The allegation that meat board collections have been adversely affected by Farm Bureau participation in direct marketing activities is not true. The producer-owned marketing agencies affiliated with Farm Bureau are cooperating with the meat board. The major packers generally collect contributions from producers on direct marketings in addition to making similar contributions from their own funds on the livestock they slaughter. Sincerely yours,

CHARLES B. SHUMAN, President. Mr. PoAGE. Is there anyone else who would care to be heard on this bill one way or the other? If there is no one else, Mr. Heimburger would like to make a statement.

Mr. HEIMBURGER. I will take a microphone, if you don't mind.
Mr. POAGE. Yes, sir; by all means.

Mr. HEIMBURGER. Mr. Chairman, I have been requested to make two statements, first by Clarence H. Girard, who appeared here yesterday on behalf of the Department of Agriculture.

During the questioning of Mr. Girard, he was asked whether or not the Wool Act authorized

the determination of the referendum by twothirds of the volume represented in the referendum or only by twothirds of the head count. He answered that his memory was that the Wool Act provided that only for two-thirds of the number of people voting.

His memory turned out to be incorrect, and he called me this morning to remind me of it. The Wool Act does provide that the referendum may be carried by two-thirds of the number voting or two-thirds of the volume represented in the referendum.

Now just before the meeting adjourned this morning, the Chair asked me haven't we been doing this same thing under the act of 1937, the Marketing Agreement Act. Didn't we recently pass a bill to authorize this for various commodities.

The answer is, Mr. Chairman, that we have been doing exactly this same thing proposed for cotton for other commodities under the Marketing Agreement Act of 1937. That act provides, and I want to get this accurate, so forgive me if I read it from the law-one of the pur

poses for which agricultural marketing orders may be issued under the Marketing Agreement Act is:

"For establishing or providing for the establishment of marketing research and development projects designed to assist, improve, or promote the marketing, distribution, and consumption of any such commodity or product, the expense of such projects to be paid from funds collected pursuant to the marketing order?"

Now this is not a new provision.
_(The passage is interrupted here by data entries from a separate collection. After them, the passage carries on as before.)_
(* The vertices reachable from d0 along the edges of E are at most
   #|E| + 1 in number (a connected graph has at least |V| - 1 edges). *)
Lemma card_reach_edges : #|reach| <= #|E| + 1.
Proof.
suff grow : forall n R, #|reach :\: R| <= n -> R \subset reach -> d0 \in R ->
    #|R| <= #|edges_within E R| + 1 -> #|reach| <= #|edges_within E reach| + 1.
  apply: leq_trans (grow _ [set d0] (leqnn _) _ _ _) _.
  - by rewrite sub1set inE connect0.
  - by rewrite inE.
  - by rewrite cards1 leq_addl.
  by rewrite leq_add2r subset_leq_card // edges_within_sub.
elim=> [|n IH] R.
  rewrite leqn0 cards_eq0 setD_eq0 => reachR Rreach _.
  by have -> : reach = R by apply/eqP; rewrite eqEsubset reachR Rreach.
move=> cardn Rreach d0R HR.
have [reachR|notR] := boolP (reach \subset R).
  by have -> : reach = R by apply/eqP; rewrite eqEsubset reachR Rreach.
have [b bnew more] := reach_grow Rreach d0R notR.
move: bnew; rewrite in_setD => /andP[bR breach].
apply: (IH (b |: R)).
- rewrite -ltnS; apply: leq_trans cardn; apply: proper_card.
  rewrite properE setDS ?subsetUr //=; apply/subsetPn; exists b.
    by rewrite in_setD bR breach.
  by rewrite in_setD setU11.
- by rewrite subUset sub1set breach Rreach.
- by rewrite inE d0R orbT.
by rewrite cardsU1 bR add1n addn1 ltnS (leq_trans HR) // addn1.
Qed.

End Reach.

End Walks.

Definition is_clique (T : finType) (e : rel T) (A : {set T}) : Prop :=
  forall x y, x \in A -> y \in A -> x != y -> e x y.

Section Cliques.
Variables (T : finType) (e : rel T).
Hypothesis se : symmetric e.
Implicit Types (A B V : {set T}).

Lemma clique_connect_induced B V x y : is_clique e B ->
  x \in B -> y \in B -> x \in V -> y \in V -> connect (induced_rel e V) x y.
Proof.
move=> clB xB yB xV yV; have [->|nxy] := eqVneq x y; first exact: connect0.
by apply: connect1; rewrite /induced_rel xV yV clB.
Qed.

Lemma clique_induced_connected A : is_clique e A -> induced_connected e A.
Proof.
move=> cl; apply/forallP => x; apply/implyP => xA; apply/forallP => y; apply/implyP => yA.
exact: (clique_connect_induced cl xA yA xA yA).
Qed.

Lemma clique_nonseparable A : is_clique e A -> nonseparable e A.
Proof.
move=> cl; rewrite /nonseparable clique_induced_connected //=; apply/forallP => v.
rewrite /cut_vertex_of negb_and negbK clique_induced_connected ?orbT // => x y.
by rewrite !in_setD1 => /andP[_ xA] /andP[_ yA]; apply: cl.
Qed.

Lemma nonseparable_setD1 A v : nonseparable e A -> induced_connected e (A :\ v).
Proof.
case/andP=> cA /forallP/(_ v); rewrite /cut_vertex_of negb_and negbK.
case/orP => // vA; suff -> : A :\ v = A by [].
by apply/setP=> z; rewrite in_setD1; case: eqVneq => // ->; rewrite (negbTE vA).
Qed.

Lemma induced_connectedU A1 A2 r : r \in A1 -> r \in A2 -> induced_connected e A1 ->
  induced_connected e A2 -> induced_connected e (A1 :|: A2).
Proof.
move=> r1 r2 c1 c2; apply: (induced_connected_from (z0 := r)) => //; first by rewrite inE r1.
move=> x; rewrite inE => /orP[xA|xA].
  apply: (induced_connect_sub (A := A1)); first exact: subsetUl.
  by have := forallP c1 r; rewrite r1 => /forallP/(_ x); rewrite xA.
apply: (induced_connect_sub (A := A2)); first exact: subsetUr.
by have := forallP c2 r; rewrite r2 => /forallP/(_ x); rewrite xA.
Qed.

Lemma nonseparableU A1 A2 x y : nonseparable e A1 -> nonseparable e A2 -> x != y ->
  x \in A1 -> y \in A1 -> x \in A2 -> y \in A2 -> nonseparable e (A1 :|: A2).
Proof.
move=> n1 n2 nxy x1 y1 x2 y2; apply/andP; split.
  by apply: (induced_connectedU (r := x)) => //; [case/andP: n1|case/andP: n2].
apply/forallP => v; rewrite /cut_vertex_of negb_and negbK; apply/orP; right.
rewrite setDUl; set r := if v == x then y else x.
have rv : r != v by rewrite /r; case: (eqVneq v x) => [->|vx]; rewrite eq_sym.
have r1 : r \in A1 :\ v by rewrite in_setD1 rv /r; case: (v == x).
have r2 : r \in A2 :\ v by rewrite in_setD1 rv /r; case: (v == x).
by apply: (induced_connectedU r1 r2); apply: nonseparable_setD1.
Qed.

(* Together with q, B still induces a nonseparable
   subgraph: after removing a vertex v, the two pieces of the ear remain
   attached to B. *)
Section Ear.
Variables (B : {set T}) (b w : T) (q : seq T).
Hypotheses (clB : is_clique e B) (bB : b \in B) (wB : w \in B).
Hypotheses (pq : path e b (rcons q w)) (uq : uniq (b :: rcons q w)).

Lemma ear_sub : {subset b :: rcons q w <= B :|: [set z in q]}.
Proof.
move=> z; rewrite inE mem_rcons inE orbA => /orP[/orP[]/eqP->|zq].
- by rewrite inE bB.
- by rewrite inE wB.
by rewrite !inE zq orbT.
Qed.

Lemma ear_induced_connected : induced_connected e (B :|: [set z in q]).
Proof.
apply: (induced_connected_from (z0 := b)) => //; first by rewrite inE bB.
move=> z; rewrite !inE => /orP[zB|zq].
  by apply: (clique_connect_induced clB); rewrite ?inE ?bB ?zB.
by apply: (path_connect_induced pq ear_sub); rewrite inE mem_rcons inE zq !orbT.
Qed.

Lemma ear_minus_vertex v : induced_connected e ((B :|: [set z in q]) :\ v).
Proof.
set V := _ :\ v; have csym := sym_connect_sym (induced_rel_sym V se).
have wb : w != b by move: uq; rewrite /= mem_rcons inE negb_or eq_sym => /andP[/andP[]].
have BV z : z \in B -> z != v -> z \in V by move=> zB zv; rewrite in_setD1 zv inE zB.
have vV : v \notin V by rewrite in_setD1 eqxx.
set r := if v == b then w else b.
have rB : r \in B by rewrite /r; case: (v == b).
have rv : r != v by rewrite /r; case: (eqVneq v b) => [->|vb] //; rewrite eq_sym.
apply: (induced_connected_from (z0 := r)); rewrite ?BV // => z zV.
move: (zV); rewrite in_setD1 => /andP[zv]; rewrite !inE => /orP[zB|zq].
  exact: (clique_connect_induced clB rB zB (BV _ rB rv) zV).
have earV : {subset b :: rcons q w <= v |: V}.
  by move=> a /ear_sub aA; rewrite !inE; case: eqVneq => //= _; move: aA; rewrite !inE.
have zear : z \in b :: rcons q w by rewrite inE mem_rcons inE zq !orbT.
have := path_minus_vertex se vV pq uq earV zear zv; rewrite last_rcons /r.
case: eqVneq => [vb|vb] [cbz|czw].
- by have := induced_connect_mem se cbz; rewrite -vb (negbTE vV) eq_sym zv => /(_ isT).
- by rewrite csym.
- by [].
have [wv|wv] := eqVneq w v.
  by have := induced_connect_mem se czw; rewrite wv (negbTE vV) andbF zv => /(_ isT).
apply: (connect_trans (y := w)); last by rewrite csym.
by apply: (clique_connect_induced clB); rewrite ?BV // eq_sym.
Qed.

Lemma clique_ear_nonseparable : nonseparable e (B :|: [set z in q]).
Proof.
rewrite /nonseparable ear_induced_connected; apply/forallP => v.
by rewrite /cut_vertex_of negb_and negbK ear_minus_vertex orbT.
Qed.

End Ear.

End Cliques.

Section BlockStructure.
Variables (T : finType) (e : rel T).
Hypothesis se : symmetric e.
Hypothesis bg : block_graph e.
Implicit Types (A B : {set T}).

Lemma del_block_edges_sym B : symmetric (del_block_edges e B).
Proof. by move=> x y; rewrite /del_block_edges se; case: (x \in B); case: (y \in B). Qed.

Lemma del_block_edges_sub B x y : del_block_edges e B x y -> e x y.
Proof. by case/andP. Qed.

Lemma block_clique B : is_block e B -> is_clique e B.
Proof.
move=> bB x y xB yB nxy; have := forallP bg B; rewrite bB /= => /forallP/(_ x).
by rewrite xB /= => /forallP/(_ y); rewrite yB nxy.
Qed.

Lemma block_maximal B A : is_block e B -> nonseparable e (B :|: A) -> A \subset B.
Proof.
case/and3P=> _ _ /forallP/(_ (B :|: A)) + nBA.
rewrite nBA implybF properE subsetUl /= negbK => /subsetP sub.
by apply/subsetP => z zA; apply: sub; rewrite inE zA orbT.
Qed.

Lemma block_eq B1 B2 x y : is_block e B1 -> is_block e B2 -> x != y ->
  x \in B1 -> y \in B1 -> x \in B2 -> y \in B2 -> B1 = B2.
Proof.
move=> b1 b2 nxy x1 y1 x2 y2.
have nU : nonseparable e (B1 :|: B2).
  by apply: (nonseparableU se _ _ nxy) => //; [case/and3P: b1|case/and3P: b2].
apply/eqP; rewrite eqEsubset (block_maximal b2) 1?setUC ?(block_maximal b1) //.
Qed.

(* Every edge lies in a block: a largest nonseparable set containing it. *)
Lemma edge_in_block x y : e x y -> exists B, [/\ is_block e B, x \in B & y \in B].
Proof.
move=> exy.
have P0 : nonseparable e [set x; y] && ([set x; y] \subset [set x; y]).
  rewrite subxx andbT; apply: clique_nonseparable => a b.
  by rewrite !inE => /orP[]/eqP-> /orP[]/eqP->; rewrite ?eqxx // se.
case: (@arg_maxnP _ [set x; y] (fun B => nonseparable e B && ([set x; y] \subset B))
   (fun B => #|B|) P0) => B /andP[nB sB] maxB.
exists B; have xB : x \in B by apply: (subsetP sB); rewrite !inE eqxx.
have yB : y \in B by apply: (subsetP sB); rewrite !inE eqxx orbT.
split=> //; apply/and3P; split => //; first by apply/set0Pn; exists x.
apply/forallP => B'; apply/implyP => pB'; apply/negP => nB'.
have := maxB B'; rewrite nB' (subset_trans sB (proper_sub pB')) => /(_ isT).
by rewrite /geq /= leqNgt proper_card.
Qed.

(* Distinct vertices of a block B lie in distinct components of G \ B:
   otherwise a shortest walk between them in G \ B would be an ear of the
   clique B, contradicting the maximality of B. *)
Lemma block_branches_disjoint B b b' : is_block e B -> b \in B -> b' \in B ->
  connect (del_block_edges e B) b b' -> b = b'.
Proof.
move=> bB bin b'in /connectP[p0 pp0 lp0]; apply/eqP/negPn/negP => nbb'.
move: b'in nbb'; rewrite lp0; case: (shortenP pp0) => p pp up _ b'in nbb'.
have hasp : has (mem B) p.
  apply/hasP; exists (last b p) => //; move: (mem_last b p).
  by rewrite inE eq_sym (negbTE nbb').
case: (split_find hasp) pp up => w q r1 wB /hasPn qB pp up.
have {}wB : w \in B := wB.
have ppq : path (del_block_edges e B) b (rcons q w) by move: pp; rewrite cat_path => /andP[].
have ear : uniq (b :: rcons q w) by move: up; rewrite -cat_cons cat_uniq => /andP[].
have qne : q != [::].
  apply/negP => /eqP q0; move: ppq; rewrite q0 /= andbT /del_block_edges.
  by rewrite bin wB andbF.
have nA := clique_ear_nonseparable se (block_clique bB) bin wB
  (sub_path (@del_block_edges_sub B) ppq) ear.
have [z zq] : exists z, z \in q by case: (q) qne => // z ? _; exists z; rewrite inE eqxx.
have := subsetP (block_maximal bB nA) z; rewrite inE zq => /(_ isT) zB.
by have := qB z zq; rewrite /= zB.
Qed.

Lemma reach_block B v : connected_graph e -> is_block e B ->
  exists2 b, b \in B & connect (del_block_edges e B) v b.
Proof.
move=> cg /and3P[/set0Pn[b0 b0B] _ _].
have := forallP cg v => /forallP/(_ b0) /connectP[p pp lp].
elim: p v pp lp => [|y p IH] v /=; first by move=> _ lp; exists v; [rewrite -lp|exact: connect0].
case/andP=> evy pp lp.
case vB: (v \in B); first by exists v => //; exact: connect0.
have [b bB cyb] := IH y pp lp.
exists b => //; apply: (connect_trans (y := y)) => //; apply: connect1.
by rewrite /del_block_edges evy vB.
Qed.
This went into the Marketing Agreement Act in 1954, and I am informed by the Department of Agriculture today that out of 48 marketing orders for products other than milk, which are now operational under this act, 33 of them contain provisions for collections of funds from the participants for research and market development.

The thing Mr. Cooley referred to as having been enacted recently was a bill we had last year which permitted a number, some 14 in number, of commodities to collect funds on this same basis for paid advertising

Paid advertising is not permitted under the provision I just read. But we did pass a bill by unanimous consent in House last year, and it passed the Senate and became law, which permits the mandatory collection of funds under these marketing orders for paid advertising.

I might say a similarity between the bill here and the Marketing Order Act is that in that act also the referendum can be carried either by two-thirds of the number voting or by two-thirds of the volume represented in the referendum. The only difference is that the collection is mandatory under the Agricultural Marketing Act of 1937, and the payee has no opportunity whatever to get his money back, and in fact will be sued by the U.S. Department of Agriculture for collection of the money, if he doesn't pay it.

Mr. Poate. Thank you, Mr. Heimburger. Are there any more questions? If not we are very much obliged. The committee will stand adjourned, and we will meet at the call of the Chair in executive session to work on the bill.

Thank you all.
The committee is adjourned.

(Whereupon, at 5:30 p.m., the committee adjourned, subject to the call of the Chair.)